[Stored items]
^^^^^^^^
(* Let $(X,d)$ be a compact metric space and $f\colon X\to X$ an equicontinuous homeomorphism. The following are equivalent: (1) $f$ has the limit shadowing property; (2) $f$ has the shadowing property; (3) $\dim X=0$, equivalently $X$ is totally disconnected.
   Context: $f$ is equicontinuous if for every $\epsilon>0$ there is $\delta>0$ such that $d(x,y)\le\delta$ implies $\sup_{n\ge0}d(f^n(x),f^n(y))\le\epsilon$. Shadowing property: for every $\epsilon>0$ there is $\delta>0$ such that every sequence $(x_i)_{i\ge0}$ with $d(f(x_i),x_{i+1})\le\delta$ for all $i$ admits $x\in X$ with $d(x_i,f^i(x))\le\epsilon$ for all $i$. Limit shadowing property: every sequence $(x_i)_{i\ge0}$ with $\lim_i d(f(x_i),x_{i+1})=0$ admits $y\in X$ with $\lim_i d(x_i,f^i(y))=0$. *)

From Stdlib Require Export Reals List.
Open Scope R_scope.

Section MetricDefs.
Variable M : Metric_Space.
Local Notation X := (Base M).
Local Notation d := (dist M).

Definition is_open (U : X -> Prop) : Prop :=
  forall x, U x -> exists r, r > 0 /\ forall y, d x y < r -> U y.

Definition compact_space : Prop :=
  forall (I : Type) (U : I -> X -> Prop),
    (forall i, is_open (U i)) -> (forall x, exists i, U i x) ->
    exists l : list I, forall x, exists i, In i l /\ U i x.

Definition continuous_map (f : X -> X) : Prop :=
  forall x eps, eps > 0 -> exists delta, delta > 0 /\
    forall y, d x y < delta -> d (f x) (f y) < eps.

Definition homeomorphism (f : X -> X) : Prop :=
  continuous_map f /\
  exists g : X -> X, continuous_map g /\
    (forall x, g (f x) = x) /\ (forall x, f (g x) = x).

Fixpoint iter (n : nat) (f : X -> X) (x : X) : X :=
  match n with O => x | S k => f (iter k f x) end.

Definition equicontinuous (f : X -> X) : Prop :=
  forall eps, eps > 0 -> exists delta, delta > 0 /\
    forall x y, d x y <= delta -> forall n, d (iter n f x) (iter n f y) <= eps.

Definition shadowing (f : X -> X) : Prop :=
  forall eps, eps > 0 -> exists delta, delta > 0 /\
    forall xs : nat -> X, (forall i, d (f (xs i)) (xs (S i)) <= delta) ->
      exists x, forall i, d (xs i) (iter i f x) <= eps.
Lemma subset_foldl_step s E : E \subset foldl (@step m k) E s.
Proof. by elim: s E => //= e s IHs E; apply: subset_trans (subset_step E e) (IHs _). Qed.

Lemma foldl_step_subU s E : foldl (@step m k) E s \subset E :|: [set x in s].
Proof.
elim: s E => [|e s IHs] E /=; first exact: subsetUl.
apply: subset_trans (IHs _) _; apply/subsetP => x.
by rewrite stepE !inE; case: ifP => _; rewrite ?inE; case: (x == e); rewrite ?orbT.
Qed.

Lemma foldl_step_rejected s E0 e : e \in s -> e \notin foldl (@step m k) E0 s ->
  exists2 E : {set edge m k}, E \subset foldl (@step m k) E0 s & ~~ addable E e.
Proof.
elim: s E0 => //= x s IHs E0; rewrite inE => /predU1P[<- | e_s] e_rej; last exact: IHs.
exists E0; first exact: subset_trans (subset_step E0 e) (subset_foldl_step _ _).
apply: contra e_rej => add_e; apply: subsetP (subset_foldl_step _ _) _ _.
by rewrite stepE add_e setU11.
Qed.

Lemma deg_setU_nonincident G E v :
  {in E, forall r, ~~ incident r v} -> deg (G :|: E) v = deg G v.
Proof.
move=> E_far; apply: eq_card => r; rewrite !inE -/(incident r v).
by case: (boolP (r \in E)) => [/E_far /negbTE ->| _]; rewrite ?andbF ?orbF.
Qed.

Lemma in_2cell_face_isolated G e : gedge e -> e \notin G -> #|[set c | borders c e]| = 2 ->
  (forall c x, borders c e -> borders c x -> gedge x -> x \notin G -> x = e) ->
  in_2cell_face G e.
Proof.
move=> e_grid e_missing card_e isolated; set A := [set c | borders c e].
have [c1 c1e] : exists c1, borders c1 e.
  have /set0Pn[c] : A != set0 by rewrite -card_gt0 card_e.
  by rewrite inE; exists c.
suff face_c1 : face G c1 = A by apply/existsP; exists c1; rewrite c1e face_c1 card_e.
apply/setP => d; rewrite /face inE; apply/idP/idP => [c1d | de].
  apply: (connect_closed_sub (A := A)) c1d; last by rewrite inE.
  move=> c c'; rewrite !inE => ce /andP[_ /existsP[x /and4P[x_grid x_missing cx c'x]]].
  by rewrite -(isolated c x).
have [<- | c1d] := eqVneq c1 d; first exact: connect0.
apply: connect1; rewrite /cell_adj c1d; apply/existsP; exists e.
by rewrite inE in de; rewrite e_grid e_missing c1e de.
Qed.

End Construction.

Section Geometry.

Variables m k : nat.
Implicit Types (e r x : edge m k) (c : cell m k).

Lemma red_boundary_end e : red e -> bvtx e.1 || bvtx e.2 ->
  (e.2.1 == m.-1 :> nat) || (e.2.2 == k.-1 :> nat).
Proof. grid_lia. Qed.

Lemma gedge_same_start e r x : gedge e -> gedge r -> gedge x ->
  r.1 = e.1 -> x.1 = e.1 -> r != e -> (x == e) || (x == r).
Proof. grid_lia. Qed.

Lemma red_incident_start e r : red e -> red r -> incident r e.1 -> r.1 = e.1.
Proof. by intros; apply/eqP; grid_lia. Qed.

Lemma red_incident_top_end e r :
  red e -> e.2.1 = m.-1 :> nat -> red r -> incident r e.2 -> r = e.
Proof. by intros; apply/eqP; grid_lia. Qed.

Lemma red_beside_top_start e c x : red e -> e.2.1 = m.-1 :> nat ->
  borders c e -> borders c x -> red x -> x.1 = e.1.
Proof. by intros; apply/eqP; grid_lia. Qed.

Lemma deg_Gprime_red_start e : red e -> deg (Gprime m k) e.1 = 2.
Proof.
case: e => [[a b] v] e_red /=.
have a' : a.-1 < m := leq_ltn_trans (leq_pred a) (ltn_ord a).
have b' : b.-1 < k := leq_ltn_trans (leq_pred b) (ltn_ord b).
by apply: (@card_eq2 _ _ ((Ordinal a', b), (a, b)) ((a, Ordinal b'), (a, b))); grid_lia.
Qed.

Lemma deg_Gprime_top_end e : red e -> e.2.1 = m.-1 :> nat -> deg (Gprime m k) e.2 = 2.
Proof.
case: e => [u [c d]] e_red e_top /=.
have d' : d.-1 < k := leq_ltn_trans (leq_pred d) (ltn_ord d).
have d'' : d.+1 < k by grid_lia.
by apply: (@card_eq2 _ _ ((c, Ordinal d'), (c, d)) ((c, d), (c, Ordinal d''))); grid_lia.
Qed.

Lemma card_borders_red e : red e -> #|[set c | borders c e]| = 2.
Proof.
case: e => [[a b] [a2 b2]] e_red.
have a0 : a < m.-1 by grid_lia.
have b0 : b < k.-1 by grid_lia.
have a1 : a.-1 < m.-1 by grid_lia.
have b1 : b.-1 < k.-1 by grid_lia.
have [vertical | horizontal] : b2 = b :> nat \/ a2 = a :> nat by grid_lia.
  by apply: (@card_eq2 _ _ (Ordinal a0, Ordinal b1) (Ordinal a0, Ordinal b0)); grid_lia.
by apply: (@card_eq2 _ _ (Ordinal a1, Ordinal b0) (Ordinal a0, Ordinal b0)); grid_lia.
Qed.

Lemma missing_top_edge_in_2cell_face (s : seq (edge m k)) e :
  all (@red m k) s -> e \in s -> red e -> e \notin Gfinal s -> e.2.1 = m.-1 :> nat ->
  in_2cell_face (Gfinal s) e.
Proof.
move=> s_red e_s e_red e_missing e_top.
have e_rejected : e \notin Eprime s by apply: contra e_missing; rewrite inE => ->; rewrite orbT.
have [E E_sub e_blocked] := foldl_step_rejected e_s e_rejected.
have E_red : {in E, forall r, red r}.
  move=> r /(subsetP E_sub) /(subsetP (foldl_step_subU _ _)).
  by rewrite !inE => /(allP s_red).
have e_notin_E : e \notin E by apply: contra e_rejected; apply: (subsetP E_sub).
(* [e] is the only red edge at [e.2], so [e] was rejected because of its lower end. *)
have [r r_E r_at_e1] : exists2 r, r \in E & incident r e.1.
  apply/exists_inP; apply: contraR e_blocked => /exists_inPn E_far_e1.
  have E_far_e2 : {in E, forall r, ~~ incident r e.2}.
    move=> r r_E; apply: contraNN e_notin_E => r_at_e2.
    by rewrite -(red_incident_top_end e_red e_top (E_red r r_E) r_at_e2).
  by rewrite /addable !deg_setU_nonincident // deg_Gprime_red_start // deg_Gprime_top_end.
have r_G : r \in Gfinal s by rewrite inE (subsetP E_sub r r_E) orbT.
have r_start : r.1 = e.1 := red_incident_start e_red (E_red r r_E) r_at_e1.
have r_ne_e : r != e by apply: contraNneq e_notin_E => <-.
have [e_grid _ _ _] := and4P e_red.
apply: in_2cell_face_isolated => // [|c x ce cx x_grid x_missing].
  exact: card_borders_red.
have x_red : red x.
  by apply: contraNT x_missing => x_blue; rewrite !inE x_grid x_blue.
have x_start := red_beside_top_start e_red e_top ce cx x_red.
have [r_grid _ _ _] := and4P (E_red r r_E).
case/orP: (gedge_same_start e_grid r_grid x_grid r_start x_start r_ne_e) => /eqP // x_r.
by rewrite x_r r_G in x_missing.
Qed.

End Geometry.

Definition vtx_tr {m k} (u : vtx m k) : vtx k m := (u.2, u.1).
Definition edge_tr {m k} (e : edge m k) : edge k m := (vtx_tr e.1, vtx_tr e.2).
Definition cell_tr {m k} (c : cell m k) : cell k m := (c.2, c.1).

Lemma vtx_trK m k : cancel (@vtx_tr m k) vtx_tr. Proof. by case. Qed.
Lemma edge_trK m k : cancel (@edge_tr m k) edge_tr. Proof. by case=> [[a b] [c d]]. Qed.
Lemma cell_trK m k : cancel (@cell_tr m k) cell_tr. Proof. by case. Qed.

Lemma vtx_tr_inj m k : injective (@vtx_tr m k). Proof. exact: can_inj (@vtx_trK m k). Qed.
Lemma edge_tr_inj m k : injective (@edge_tr m k). Proof. exact: can_inj (@edge_trK m k). Qed.
Lemma cell_tr_inj m k : injective (@cell_tr m k). Proof. exact: can_inj (@cell_trK m k). Qed.

Section TransposeTheory.

Variables m k : nat.
Implicit Types (G E : {set edge m k}) (e : edge m k) (u : vtx m k) (c : cell m k).

Lemma mem_edge_tr (A : {pred edge m k}) e : (edge_tr e \in edge_tr @: A) = (e \in A).
Proof. exact/mem_imset/edge_tr_inj. Qed.

Lemma mem_cell_tr (A : {pred cell m k}) c : (cell_tr c \in cell_tr @: A) = (c \in A).
Proof. exact/mem_imset/cell_tr_inj. Qed.

Lemma gedge_tr e : gedge (edge_tr e) = gedge e.
Proof. by case: e => [[a b] [c d]]; rewrite /gedge /= orbC. Qed.

Lemma red_tr e : red (edge_tr e) = red e.
Proof. by rewrite /red gedge_tr; congr (_ && _); rewrite /= andbCA eq_sym. Qed.

Lemma Gprime_tr : Gprime k m = edge_tr @: Gprime m k.
Proof.
by apply/setP => f; rewrite -[f](@edge_trK k m) mem_edge_tr !inE gedge_tr red_tr.
Qed.

Lemma deg_tr G u : deg (edge_tr @: G) (vtx_tr u) = deg G u.
Proof.
rewrite /deg -(card_imset _ (@edge_tr_inj m k)); apply: eq_card => f.
by rewrite -[f](@edge_trK k m) mem_edge_tr !inE mem_edge_tr /= !(inj_eq (@vtx_tr_inj m k)).
Qed.
Lemma LDnorm_ub g : D g -> (gnorm g <= 1)%E -> `|T g| <= LDnormr.
Proof.
move=> Dg g_le1; rewrite -lee_fin -LDnormE.
by apply: le_ereal_sup_tmp; eexists => //; right; exists g.
Qed.

Lemma in_LD_cst0 : T (fun _ => 0) = 0.
Proof.
rewrite -[RHS](addNr (T (fun _ => 0))) -scaleN1r -T_lin //.
by congr T; apply: funext => f; rewrite scaler0 addr0.
Qed.

Lemma in_LD_bound g : D g -> `|T g| <= LDnormr * gnormr g.
Proof.
move=> Dg; apply: ler_homogeneous_bound; first exact: gnormr_ge0.
move=> c c_gt0 cg; have := LDnorm_ub (Dcomb c Dg D0).
rewrite T_lin // in_LD_cst0 addr0 normrZ gtr0_norm //; apply.
apply: le_trans (gnorm_comb c (gnormr_ge0 g) (lexx 0) _ _) _.
- by rewrite -gnormE //; case: (DFY Dg) => -[].
- by rewrite gnorm_cst0.
- by rewrite addr0 gtr0_norm.
Qed.

Lemma in_LD_eq_on_Lip0 g1 g2 : D g1 -> D g2 ->
  (forall f, Lip0 f -> g1 f = g2 f) -> T g1 = T g2.
Proof.
move=> Dg1 Dg2 g12; apply/eqP; rewrite -subr_eq0 -normr_le0 addrC -scaleN1r -T_lin //.
apply: le_trans (in_LD_bound (Dcomb (-1) Dg2 Dg1)) _.
rewrite /gnormr (gnorm_eq_on_Lip0 (g2 := fun _ => 0)); last first.
  by move=> f Lf; rewrite g12 // scaleN1r addNr.
by rewrite gnorm_cst0 mulr0.
Qed.

Lemma D_restrict_Lip0 g : D g -> D (restrict_Lip0 g).
Proof.
move=> Dg; have FYg := DFY Dg; apply: Dclosed.
  by apply: FY_eq_on_Lip0 FYg _ => f Lf; rewrite restrict_Lip0_in.
move=> e e_gt0; exists g; split => //; apply/gnorm_le; first exact: ltW.
by move=> f Lf _; rewrite restrict_Lip0_in // subrr normr0 ltW.
Qed.
Lemma exp_weight_pos e e1 l p j : 0 < exp_weight e e1 l p j.
Proof. apply Rmult_lt_0_compat; [apply exp_pos|apply exp_pos]. Qed.

Lemma mixability_identity d e e1 l p q :
  (1 <= d)%nat -> 0 < e -> 0 < e1 -> (forall j, (j < d)%nat -> 0 < p j) ->
  rsum d q = 1 ->
  rsum d (fun i => q i *
     (/ e1 * ln (1 / p i)
      - / e * ln (1 / (exp_weight e e1 l p i / rsum d (exp_weight e e1 l p)))))
  = - ln (rsum d (exp_weight e e1 l p)) / e - rsum d (fun i => q i * l i).
Proof.
  intros hd He He1 Hp Hq.
  set (W := rsum d (exp_weight e e1 l p)).
  assert (HW : 0 < W) by (apply rsum_pos; auto; intros; apply exp_weight_pos).
  rewrite (rsum_ext d _ (fun i => (- ln W / e) * q i - q i * l i)).
  { rewrite rsum_minus, rsum_scal, Hq. ring. }
  intros i Hi. specialize (Hp i Hi).
  assert (Hw : 0 < exp_weight e e1 l p i) by apply exp_weight_pos.
  replace (1 / (exp_weight e e1 l p i / W)) with (W / exp_weight e e1 l p i)
    by (field; lra).
  rewrite Rdiv_1_l, ln_Rinv, ln_div by assumption.
  unfold exp_weight, Rpower. rewrite ln_mult, !ln_exp by apply exp_pos.
  field. lra.
Qed.
Lemma poly_le_ext d g h : (forall x, g x = h x) -> poly_le d g -> poly_le d h.
Proof. intros E [D [HD [H0 Hk]]]. exists D. repeat split; auto. intro x; rewrite H0; auto. Qed.

Lemma poly_le_mono d d' g : (d <= d')%nat -> poly_le d g -> poly_le d' g.
Proof. intros Hd [D [HD [H0 Hk]]]. exists D. repeat split; auto. intros k x Hk'; apply Hk; lia. Qed.

Lemma poly_le_const c : poly_le 0 (fun _ => c).
Proof.
  exists (const_chain c). repeat split; [apply deriv_chain_const|].
  intros [|k] x Hk; [lia|reflexivity].
Qed.

Lemma poly_le_mul_lin d q a b : poly_le d q -> poly_le (S d) (fun x => q x * (a * x + b)).
Proof.
  intros [Q [HQ [H0 Hk]]]. exists (mul_lin_chain Q a b). unfold mul_lin_chain. repeat split.
  - apply deriv_chain_mul_lin, HQ.
  - intro x. simpl. rewrite H0. ring.
  - intros k x Hk'. rewrite !Hk by lia. ring.
Qed.

Lemma poly_le_add d g h : poly_le d g -> poly_le d h -> poly_le d (fun x => g x + h x).
Proof.
  intros [D [HD [HD0 HDk]]] [E [HE [HE0 HEk]]].
  exists (fun n x => D n x + E n x). repeat split.
  - intros n x. apply (derivable_pt_lim_plus (D n) (E n)); auto.
  - intro x. rewrite HD0, HE0. reflexivity.
  - intros k x Hk. rewrite HDk, HEk by exact Hk. ring.
Qed.

Lemma poly_le_scal d g s : poly_le d g -> poly_le d (fun x => s * g x).
Proof.
  intros [D [HD [H0 Hk]]]. exists (fun n x => s * D n x). repeat split.
  - intros n x. apply (derivable_pt_lim_scal (D n)), HD.
  - intro x. rewrite H0. reflexivity.
  - intros k x Hk'. rewrite Hk by exact Hk'. ring.
Qed.

Lemma poly_le_sum d (F : nat -> R -> R) n :
  (forall i, (i <= n)%nat -> poly_le d (F i)) ->
  poly_le d (fun x => sum_f_R0 (fun i => F i x) n).
Proof.
  induction n as [|n IH]; intro H; simpl; [apply H; lia|].
  apply (poly_le_add d (fun x => sum_f_R0 (fun i => F i x) n) (F (S n)));
    [apply IH; intros; apply H|apply H]; lia.
Qed.

Lemma poly_le_dn_const c : poly_le_dn 0 (fun _ => c) c.
Proof.
  exists (const_chain c). repeat split; [apply deriv_chain_const|].
  intros [|k] x Hk; [lia|reflexivity].
Qed.

Lemma poly_le_dn_mul_lin d q lc a b : poly_le_dn d q lc ->
  poly_le_dn (S d) (fun x => q x * (a * x + b)) (INR (S d) * a * lc).
Proof.
  intros [Q [HQ [H0 [Hd Hk]]]]. exists (mul_lin_chain Q a b). unfold mul_lin_chain. repeat split.
  - apply deriv_chain_mul_lin, HQ.
  - intro x. simpl. rewrite H0. ring.
  - intro x. simpl pred. rewrite Hd, Hk by lia. ring.
  - intros k x Hk'. rewrite !Hk by lia. ring.
Qed.

Lemma poly_le_dn_ext d g h lc : (forall x, g x = h x) -> poly_le_dn d g lc -> poly_le_dn d h lc.
Proof.
  intros E [D [HD [H0 [Hd Hk]]]]. exists D. repeat split; auto. intro x; rewrite H0; auto.
Qed.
^^^^^^^^
**Task to complete:** Starting at the line that contains "Lemma in_2cell_face_isolated G" and stopping after the line that contains "by rewrite inE; exists c.", write out every line exactly as it appears above, and no other line.

**Output:**
Lemma in_2cell_face_isolated G e : gedge e -> e \notin G -> #|[set c | borders c e]| = 2 ->
  (forall c x, borders c e -> borders c x -> gedge x -> x \notin G -> x = e) ->
  in_2cell_face G e.
Proof.
move=> e_grid e_missing card_e isolated; set A := [set c | borders c e].
have [c1 c1e] : exists c1, borders c1 e.
  have /set0Pn[c] : A != set0 by rewrite -card_gt0 card_e.
  by rewrite inE; exists c.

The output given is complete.